» Exercise instructions:
Using the listing below, report how many lines contain the word "hinv" and give no other words.

Segment Open

(* Let $\sigma:\mathbb{R}\to\mathbb{R}$ be an increasing odd homeomorphism. Then every point of $\mathbb{R}^2$ that does not belong to a $\sigma$-rational line has a dense orbit in $\mathbb{R}^2$ under the action of the group $\Gamma(\sigma)$.
   Context: For an increasing odd homeomorphism $\sigma:\mathbb{R}\to\mathbb{R}$, define the bijections $h_\sigma,v_\sigma:\mathbb{R}^2\to\mathbb{R}^2$ by $h_\sigma(x,y)=(x+\sigma^{-1}(y),y)$ and $v_\sigma(x,y)=(x,\sigma(x)+y)$, and let $\Gamma(\sigma)$ be the group (under composition) generated by $h_\sigma$ and $v_\sigma$. Let $\mathcal M(h_\sigma,v_\sigma)$ denote the monoid (containing the identity) generated by $h_\sigma,v_\sigma$, and $\mathcal M(h_\sigma^{-1},v_\sigma^{-1})$ the monoid generated by $h_\sigma^{-1},v_\sigma^{-1}$. Let $Ox=\mathbb{R}\times\{0\}$ and $Oy=\{0\}\times\mathbb{R}$. The $\sigma$-rational lines are the subsets of $\mathbb{R}^2$ of the form: $Ox$ or $Oy$; $m(Ox)$ with $m\in\mathcal M(h_\sigma,v_\sigma)$; or $m(Oy)$ with $m\in\mathcal M(h_\sigma^{-1},v_\sigma^{-1})$. *)

From Stdlib Require Import Reals List.
Open Scope R_scope.

Definition incr_odd_homeo (sigma : R -> R) : Prop :=
  (forall x y, x < y -> sigma x < sigma y) /\
  (forall x, sigma (- x) = - sigma x) /\
  continuity sigma /\
  (forall y, exists x, sigma x = y).

Definition pt := (R * R)%type.

Definition hmap (sinv : R -> R) (p : pt) : pt := (fst p + sinv (snd p), snd p).
Definition vmap (sigma : R -> R) (p : pt) : pt := (fst p, sigma (fst p) + snd p).
Definition hinv (sinv : R -> R) (p : pt) : pt := (fst p - sinv (snd p), snd p).
Definition vinv (sigma : R -> R) (p : pt) : pt := (fst p, snd p - sigma (fst p)).

Inductive gen := Gh | Gv | Ghi | Gvi.

Definition act_gen (sigma sinv : R -> R) (g : gen) : pt -> pt :=
  match g with
  | Gh => hmap sinv | Gv => vmap sigma
  | Ghi => hinv sinv | Gvi => vinv sigma
  end.
Lemma mxrank_subpair_indicator m n k (alpha : 'I_k -> 'I_m) (beta : 'I_k -> 'I_n) :
  injective alpha -> injective beta -> \rank (subpair_indicator alpha beta) = k.
Proof.
move=> inj_alpha inj_beta; rewrite subpair_indicatorE //.
apply/eqP; rewrite eqn_leq (leq_trans (mxrankM_maxr _ _) (rank_leq_row _)) /=.
rewrite -[X in (X <= _)%N](mxrank1 rat k) -(rowsub1_mul_tr _ inj_alpha).
rewrite -[X in \rank (_ *m X)]mulmx1 -(rowsub1_mul_tr _ inj_beta) !mulmxA.
by apply: leq_trans (mxrankM_maxl _ _) _; rewrite -!mulmxA mxrankM_maxr.
Qed.

Definition binom_mx n (a b : 'I_n -> nat) : 'M[rat]_n :=
  \matrix_(i, j) 'C(b i, a j)%:R.

Definition binom_sum_mx n (a u w : 'I_n -> nat) : 'M[rat]_n :=
  \matrix_(i, j) \sum_(u i <= t < w i) 'C(t, a j)%:R.

Definition binom_det_sign n := forall a b : 'I_n -> nat,
  strict_incr_nat a -> strict_incr_nat b ->
  0 <= \det (binom_mx a b) /\
  ((forall i, a i <= b i)%N -> 0 < \det (binom_mx a b)).

Lemma det_binom_sum_mx_split n (a u w : 'I_n -> nat) i0 v :
  (u i0 <= v <= w i0)%N ->
  \det (binom_sum_mx a u w) =
  \det (binom_sum_mx a u [eta w with i0 |-> v]) +
  \det (binom_sum_mx a [eta u with i0 |-> v] w).
Proof.
case/andP=> le_uv le_vw; rewrite -[X in _ = X + _]mul1r -[X in _ = _ + X]mul1r.
apply: (determinant_multilinear (i0 := i0)).
- by apply/rowP => j; rewrite !mxE /= !eqxx !mul1r (big_cat_nat le_uv le_vw).
- by apply/matrixP => i j; rewrite !mxE /= eq_sym (negPf (neq_lift _ _)).
- by apply/matrixP => i j; rewrite !mxE /= eq_sym (negPf (neq_lift _ _)).
Qed.

Section BinomSums.
Variable n : nat.
Hypothesis binom_mx_sign : binom_det_sign n.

Segment Closed

» Response box:
2